Ma questo non tiene conto del fatto che i possessori di quello stesso debito saranno i membri delle presunte gravate generazioni future. Supponiamo che i miei figli debbano rimborsare il debito verso di voi che io ho contratto. Staranno peggio . Ma voi starete meglio. Questo può essere un male per la distribuzione della ricchezza e del reddito, perché si arricchirà il creditore a discapito del debitore, ma non ci sarà alcun onere netto sulle generazioni future.

Il principio è esattamente lo stesso quando i detentori del debito pubblico sono stranieri (come nel caso della Grecia), anche se l’opposizione politica al rimborso sarà molto più grande.
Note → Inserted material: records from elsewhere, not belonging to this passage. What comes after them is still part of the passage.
(* Let $n=2$, $K\in\{-1,0,1\}$, and let $k>0$ satisfy $k^2>\max(0,2K)$. Then $-\Delta_{{}^2g}+V_{S,k}$ has trivial $L^2$-kernel on $(\mathbb R^2,{}^2g)$, where, with $m=k^2-2K$, $$V_{S,k}(r)=\frac13\Big(\frac{6\mu}{r^3}+\frac{m}{r^2}+\frac{2m^2(m+3K)+216\mu^2/\ell^2}{(6\mu+mr)^2}\Big).$$
   Context: Fix constants $\ell>0$, $\mu\in\mathbb R$. Set $f(r)=\frac{r^2}{\ell^2}+K-\frac{2\mu}{r}$ (the case $n=2$). Assume $\mu>0$ if $K\in\{0,1\}$ and $\mu>\mu_{\min}:=-\frac{\ell}{3\sqrt3}$ if $K=-1$; let $r_0>0$ be the largest zero of $f$ (simple; $f>0,f'>0$ on $(r_0,\infty)$). Let ${}^2g=f(r)dt^2+f(r)^{-1}dr^2$ on $\mathbb R^2$, with $r\in[r_0,\infty)$, $t$ periodic of period $4\pi/f'(r_0)$, $(r,t)$ polar-type coordinates centred at $r=r_0$ (a smooth complete metric); $\Delta_{{}^2g}=\nabla^a\nabla_a$ on functions. *)

From Stdlib Require Import Reals Lra.
Open Scope R_scope.

Definition fS (l K mu r : R) : R := r ^ 2 / l ^ 2 + K - 2 * mu / r.
Definition fSp (l mu r : R) : R := 2 * r / l ^ 2 + 2 * mu / r ^ 2.

Definition VSk (l K mu k r : R) : R :=
  let m := k ^ 2 - 2 * K in
  / 3 * (6 * mu / r ^ 3 + m / r ^ 2
         + (2 * m ^ 2 * (m + 3 * K) + 216 * mu ^ 2 / l ^ 2) / (6 * mu + m * r) ^ 2).

Definition cont2 (F : R -> R -> R) : Prop :=
  forall x y eps, 0 < eps -> exists d, 0 < d /\
    forall x' y', Rabs (x' - x) < d -> Rabs (y' - y) < d ->
      Rabs (F x' y' - F x y) < eps.

Fixpoint Ck2 (k : nat) (F : R -> R -> R) : Prop :=
  cont2 F /\
  match k with
  | O => True
  | S k' => exists Fx Fy : R -> R -> R,
      (forall x y, derivable_pt_lim (fun a => F a y) x (Fx x y)) /\
      (forall x y, derivable_pt_lim (fun b => F x b) y (Fy x y)) /\
      Ck2 k' Fx /\ Ck2 k' Fy
  end.

Definition smooth2 (F : R -> R -> R) : Prop := forall k, Ck2 k F.

Definition is_integral (g : R -> R) (a b I : R) : Prop :=
  exists pr : Riemann_integrable g a b, RiemannInt pr = I.

(* The function in (r,t) coordinates attached to a function F on R^2 given in
   Cartesian coordinates of the smooth structure: the polar radius is
   sqrt(r - r0) and the polar angle is theta = 2 pi t / beta = (f'(r0)/2) t,
   beta = 4 pi / f'(r0) being the period of t. *)
Definition polar_rt (r0 c : R) (F : R -> R -> R) (r t : R) : R :=
  F (sqrt (r - r0) * cos (c * t)) (sqrt (r - r0) * sin (c * t)).

From Stdlib Require Import Reals Lra Psatz.
From Coquelicot Require Import Coquelicot.
Open Scope R_scope.

(* Write [u(r,t)] for [F] in the coordinates [(r,t)], [f = fS], and [m = k^2 - 2K].
   The function [s = -6 mu f / (r (6 mu + m r))] satisfies
   [V_{S,k} + s' - s^2/f = d := m k^2 / (r (6 mu + m r)) > 0] on [(r0, oo)].
   Let [Q(r)] be the integral over a period in [t] of [f u u_r + s u^2].  Using
   the equation and an integration by parts in [t],
   [Q' = int (f (u_r + s u / f)^2 + u_t^2 / f + d u^2) dt >= 0].  Since [f] and
   [s] vanish at the horizon while [u] is smooth there, [Q(r) -> 0] as
   [r -> r0], so [Q >= 0].  If [Q(r1) > 0], the identity [Q = f M' / 2 + s M]
   for the mass [M(r) = int u^2 dt] keeps [M] bounded below on [[r1, oo)],
   contradicting square integrability.  Hence [Q = 0], so [Q' = 0], which
   forces [M = 0], i.e. [u = 0], and [F = 0] by continuity. *)

(** * Calculus in one variable *)

Lemma continuity_pt_of_ex_derive (g : R -> R) x : ex_derive g x -> continuity_pt g x.
Proof. intro H. apply continuity_pt_filterlim. apply (ex_derive_continuous g x H). Qed.

Lemma MVT_between (g g' : R -> R) a b :
  (forall z, derivable_pt_lim g z (g' z)) ->
  exists c, Rabs (c - a) <= Rabs (b - a) /\ g b - g a = g' c * (b - a).
Proof.
  intros D. destruct (Rtotal_order a b) as [Hab|[Hab|Hab]].
  - destruct (MVT_cor2 g g' a b Hab (fun c _ => D c)) as [c [E Hc]].
    exists c. split; auto. rewrite !Rabs_right; lra.
  - subst. exists b. split; [lra | ring].
  - destruct (MVT_cor2 g g' b a Hab (fun c _ => D c)) as [c [E Hc]].
    exists c. split; [rewrite !Rabs_left1; lra | lra].
Qed.

Lemma nondecreasing_of_deriv_nonneg (g dg : R -> R) a :
  (forall x, a < x -> is_derive g x (dg x)) -> (forall x, a < x -> 0 <= dg x) ->
  forall x y, a < x <= y -> g x <= g y.
Proof.
  intros D Pos x y Hxy.
  destruct (MVT_gen g x y dg) as [c [Hc E]];
    rewrite ?Rmin_left, ?Rmax_right in * by lra.
  - intros z Hz. apply D. lra.
  - intros z Hz. apply continuity_pt_of_ex_derive. exists (dg z). apply D. lra.
  - assert (0 <= dg c) by (apply Pos; lra). nra.
Qed.

Lemma is_derive_pos_left (g : R -> R) x dg : is_derive g x dg -> 0 < dg ->
  forall h, 0 < h -> exists y, x - h < y < x /\ g y < g x.
Proof.
  intros D Hdg h Hh. apply is_derive_Reals in D.
  destruct (D dg Hdg) as [del Hdel].
  assert (Hm : 0 < Rmin del h) by (apply Rmin_glb_lt; [apply cond_pos | lra]).
  assert (Hm1 := Rmin_l del h). assert (Hm2 := Rmin_r del h).
  set (z := - Rmin del h / 2).
  assert (Hz : z < 0) by (unfold z; lra).
  assert (Hza : Rabs z < del) by (unfold z; rewrite Rabs_left; lra).
  specialize (Hdel z ltac:(lra) Hza). apply Rabs_def2 in Hdel.
  exists (x + z). split; [unfold z; lra |].
  assert (E : g (x + z) - g x = (g (x + z) - g x) / z * z) by (field; lra).
  nra.
Qed.

(* A minimum of [g] on [[r1, x]] below [m] would sit at a point where [g' > 0],
   hence [g] would be smaller just to its left. *)
Lemma stays_above_barrier (g dg : R -> R) r1 m :
  (forall x, r1 <= x -> is_derive g x (dg x)) ->
  (forall x, r1 <= x -> g x < m -> 0 < dg x) ->
  m <= g r1 -> forall x, r1 <= x -> m <= g x.
Proof.
  intros D Push H1 x Hx. destruct (Rle_or_lt m (g x)) as [E|E]; auto. exfalso.
  destruct (continuity_ab_min g r1 x Hx) as [xm [Hmin Hxm]].
  { intros z Hz. apply continuity_pt_of_ex_derive. exists (dg z). apply D. lra. }
  assert (Gm : g xm < m) by (specialize (Hmin x ltac:(lra)); lra).
  assert (Hxm1 : r1 < xm) by (destruct (Req_dec r1 xm); [subst xm; lra | lra]).
  destruct (is_derive_pos_left g xm (dg xm) (D xm ltac:(lra)) (Push xm ltac:(lra) Gm)
              (xm - r1) ltac:(lra)) as [y [Hy Gy]].
  specialize (Hmin y ltac:(lra)). lra.
Qed.

Lemma is_RInt_of_is_integral (g : R -> R) a b I : is_integral g a b I -> is_RInt g a b I.
Proof. intros [pr <-]. apply ex_RInt_Reals_aux_1. Qed.

Lemma ex_RInt_continuous_R (g : R -> R) a b : (forall t, continuous g t) -> ex_RInt g a b.
Proof. intros C. apply (@ex_RInt_continuous R_CompleteNormedModule). intros t _. apply C. Qed.

Lemma is_RInt_nonneg_eq0 (g : R -> R) a b t0 : a < t0 < b ->
  (forall t, continuous g t) -> (forall t, a <= t <= b -> 0 <= g t) ->
  is_RInt g a b 0 -> g t0 = 0.
Proof.
  intros Ht C Pos I.
  destruct (Rle_lt_or_eq_dec 0 (g t0) (Pos t0 ltac:(lra))) as [Hg|Hg]; [exfalso | auto].
  destruct (C t0 (fun y => 0 < y) (open_gt 0 (g t0) Hg)) as [del Hdel].
  set (h := Rmin del (Rmin (t0 - a) (b - t0)) / 2).
  assert (Hh : 0 < h /\ h < del /\ h < t0 - a /\ h < b - t0).
  { assert (H1 := Rmin_l del (Rmin (t0 - a) (b - t0))).
    assert (H2 := Rmin_r del (Rmin (t0 - a) (b - t0))).
    assert (H3 := Rmin_l (t0 - a) (b - t0)). assert (H4 := Rmin_r (t0 - a) (b - t0)).
    assert (0 < Rmin del (Rmin (t0 - a) (b - t0)))
      by (apply Rmin_glb_lt; [apply cond_pos | apply Rmin_glb_lt; lra]).
    unfold h. lra. }
  assert (Ex : forall x y, ex_RInt g x y) by (intros; apply ex_RInt_continuous_R, C).
  assert (I123 := is_RInt_Chasles _ _ _ _ _ _
     (is_RInt_Chasles _ _ _ _ _ _ (RInt_correct g a (t0 - h) (Ex _ _))
        (RInt_correct g (t0 - h) (t0 + h) (Ex _ _)))
     (RInt_correct g (t0 + h) b (Ex _ _))).
  assert (E := is_RInt_unique _ _ _ _ I123). rewrite (is_RInt_unique _ _ _ _ I) in E.
  assert (P1 : 0 <= RInt g a (t0 - h))
    by (apply RInt_ge_0; [lra | apply Ex | intros; apply Pos; lra]).
  assert (P3 : 0 <= RInt g (t0 + h) b)
    by (apply RInt_ge_0; [lra | apply Ex | intros; apply Pos; lra]).
  assert (P2 : 0 < RInt g (t0 - h) (t0 + h)).
  { apply RInt_gt_0; [lra | | intros; apply C].
    intros t Ht'. apply Hdel. change (Rabs (t - t0) < del). apply Rabs_def1; lra. }
  change (0 = RInt g a (t0 - h) + RInt g (t0 - h) (t0 + h) + RInt g (t0 + h) b) in E.
  lra.
Qed.

Lemma integrals_unbounded_of_ge_pos (g : R -> R) a r1 m M : a <= r1 -> 0 < m ->
  (forall x, a <= x -> 0 <= g x) -> (forall x, r1 <= x -> m <= g x) ->
  ~ (forall b, a <= b -> exists I, is_integral g a b I /\ I <= M).
Proof.
  intros Ha Hm Pos Low Bnd.
  set (b := r1 + (Rabs M + 1) / m).
  assert (Hb : 0 < (Rabs M + 1) / m) by (apply Rdiv_lt_0_compat; [pose proof (Rabs_pos M) |]; lra).
  destruct (Bnd b ltac:(unfold b; lra)) as [I [HI IM]].
  apply is_RInt_of_is_integral in HI.
  assert (E1 : ex_RInt g a r1) by (apply (ex_RInt_Chasles_1 g a r1 b); [unfold b; lra | exists I; auto]).
  assert (E2 : ex_RInt g r1 b) by (apply (ex_RInt_Chasles_2 g a r1 b); [unfold b; lra | exists I; auto]).
  assert (I12 := is_RInt_Chasles g a r1 b _ _ (RInt_correct _ _ _ E1) (RInt_correct _ _ _ E2)).
  assert (E := is_RInt_unique _ _ _ _ I12). rewrite (is_RInt_unique _ _ _ _ HI) in E.
  assert (P1 : 0 <= RInt g a r1) by (apply RInt_ge_0; [lra | exact E1 | intros; apply Pos; lra]).
  assert (P2 : (b - r1) * m <= RInt g r1 b).
  { replace ((b - r1) * m) with (RInt (fun _ => m) r1 b) by exact (RInt_const r1 b m).
    apply RInt_le; [unfold b; lra | apply ex_RInt_const | exact E2 |].
    intros; apply Low; lra. }
  assert (E3 : (b - r1) * m = Rabs M + 1) by (unfold b; field; lra).
  change (I = RInt g a r1 + RInt g r1 b) in E.
  pose proof (Rle_abs M). lra.
Qed.

(** * Functions of two variables *)

Lemma continuity_2d_pt_of_cont2 F : cont2 F -> forall x y, continuity_2d_pt F x y.
Proof.
  intros H x y eps. destruct (H x y eps (cond_pos eps)) as [d [dp Hd]].
  exists (mkposreal d dp). exact Hd.
Qed.

Lemma continuity_2d_pt_comp2 (G g1 g2 : R -> R -> R) x y :
  continuity_2d_pt G (g1 x y) (g2 x y) -> continuity_2d_pt g1 x y ->
  continuity_2d_pt g2 x y -> continuity_2d_pt (fun u v => G (g1 u v) (g2 u v)) x y.
Proof.
  intros HG H1 H2 eps. destruct (HG eps) as [d Hd].
  destruct (H1 d) as [d1 Hd1]. destruct (H2 d) as [d2 Hd2].
  exists (mkposreal (Rmin d1 d2) (Rmin_pos _ _ (cond_pos d1) (cond_pos d2))).
  intros u v Hu Hv; simpl in *.
  assert (Hm1 := Rmin_l d1 d2). assert (Hm2 := Rmin_r d1 d2).
  apply Hd; [apply Hd1 | apply Hd2]; lra.
Qed.

Lemma continuity_2d_pt_fun_fst (h : R -> R) x y :
  continuity_pt h x -> continuity_2d_pt (fun u _ => h u) x y.
Proof.
  intro H. apply (continuity_1d_2d_pt_comp h (fun u _ => u)); auto.
  apply continuity_2d_pt_id1.
Qed.

Lemma continuity_2d_pt_fun_snd (h : R -> R) x y :
  continuity_pt h y -> continuity_2d_pt (fun _ v => h v) x y.
Proof.
  intro H. apply (continuity_1d_2d_pt_comp h (fun _ v => v)); auto.
  apply continuity_2d_pt_id2.
Qed.

Lemma continuous_of_continuity_2d_pt_snd (g : R -> R -> R) x y :
  continuity_2d_pt g x y -> continuous (fun t => g x t) y.
Proof.
  intros H P [eps HP]. destruct (H eps) as [d Hd]. exists d. intros t Ht. apply HP.
  apply Hd; [rewrite Rminus_eq_0, Rabs_R0; apply cond_pos | exact Ht].
Qed.

Lemma ex_RInt_of_continuity_2d_pt (g : R -> R -> R) r a b :
  (forall t, continuity_2d_pt g r t) -> ex_RInt (fun t => g r t) a b.
Proof. intros H. apply ex_RInt_continuous_R. intros t. apply continuous_of_continuity_2d_pt_snd, H. Qed.

Lemma is_derive_RInt_param_gt (g dg : R -> R -> R) a b r0 r : r0 < r ->
  (forall y t, r0 < y -> is_derive (fun z => g z t) y (dg y t)) ->
  (forall y t, r0 < y -> continuity_2d_pt dg y t) ->
  (forall y t, r0 < y -> continuity_2d_pt g y t) ->
  is_derive (fun y => RInt (fun t => g y t) a b) r (RInt (fun t => dg r t) a b).
Proof.
  intros Hr D Cd Cg.
  assert (Hloc : locally r (fun y => r0 < y)) by exact (open_gt r0 r Hr).
  rewrite (RInt_ext (fun t => dg r t) (fun t => Derive (fun z => g z t) r))
    by (intros; symmetry; apply is_derive_unique, D; auto).
  apply is_derive_RInt_param.
  - apply (filter_imp (fun y => r0 < y)); auto. intros y Hy t _. eexists. apply D; auto.
  - intros t _. apply continuity_2d_pt_ext_loc with (f := dg); [| apply Cd; auto].
    exists (mkposreal (r - r0) ltac:(lra)). intros y v Hy Hv. simpl in Hy.
    symmetry. apply is_derive_unique, D. apply Rabs_def2 in Hy. lra.
  - apply (filter_imp (fun y => r0 < y)); auto. intros y Hy.
    apply ex_RInt_of_continuity_2d_pt. intros; apply Cg; auto.
Qed.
Le fallacie crescono rigogliose in economia, perché non è una scienza naturale come la fisica o la chimica. Le proposizioni in economia sono raramente assolutamente vere o false. Ciò che è vero in alcune circostanze può essere falso in altri. Soprattutto, la verità di molte proposizioni dipende dalle aspettative della gente.

Si consideri la credenza che più il governo prende in prestito, più alto sarà il futuro onere fiscale. Se le persone agiscono su questa convinzione risparmiando ogni sterlina, dollaro o euro extra che il governo mette loro in tasca, la spesa pubblica in più non avrà alcun effetto sulle attività economiche, indipendentemente da quante risorse sono inattive. Il governo deve quindi aumentare le tasse – e la fallacia diventa una profezia che si autoavvera.

Quindi come dobbiamo distinguere tra proposizioni vere o false in economia? Forse la linea di demarcazione deve essere tracciata tra proposizioni che valgono solo se la gente si aspetta che siano vere e quelle che sono vere a prescindere dalle credenze. L’affermazione: “Se tutti risparmiamo di più in una crisi staremmo tutti meglio”, è assolutamente falsa. Staremmo tutti peggio Ma l’affermazione: “Quanto più lo Stato prende soldi in prestito, più deve pagare per il suo prestito” a volte è vera e a volte è falsa.

O forse la linea di demarcazione deve essere tracciata tra proposizioni che dipendono da ipotesi comportamentali ragionevoli e quelli che dipendono da quelle ridicole. Se le persone risparmiassero ogni centesimo in più del denaro preso in prestito che il governo ha speso, la spesa non avrebbe alcun effetto stimolante. Vero. Ma tali persone esistono solo nei modelli degli economisti.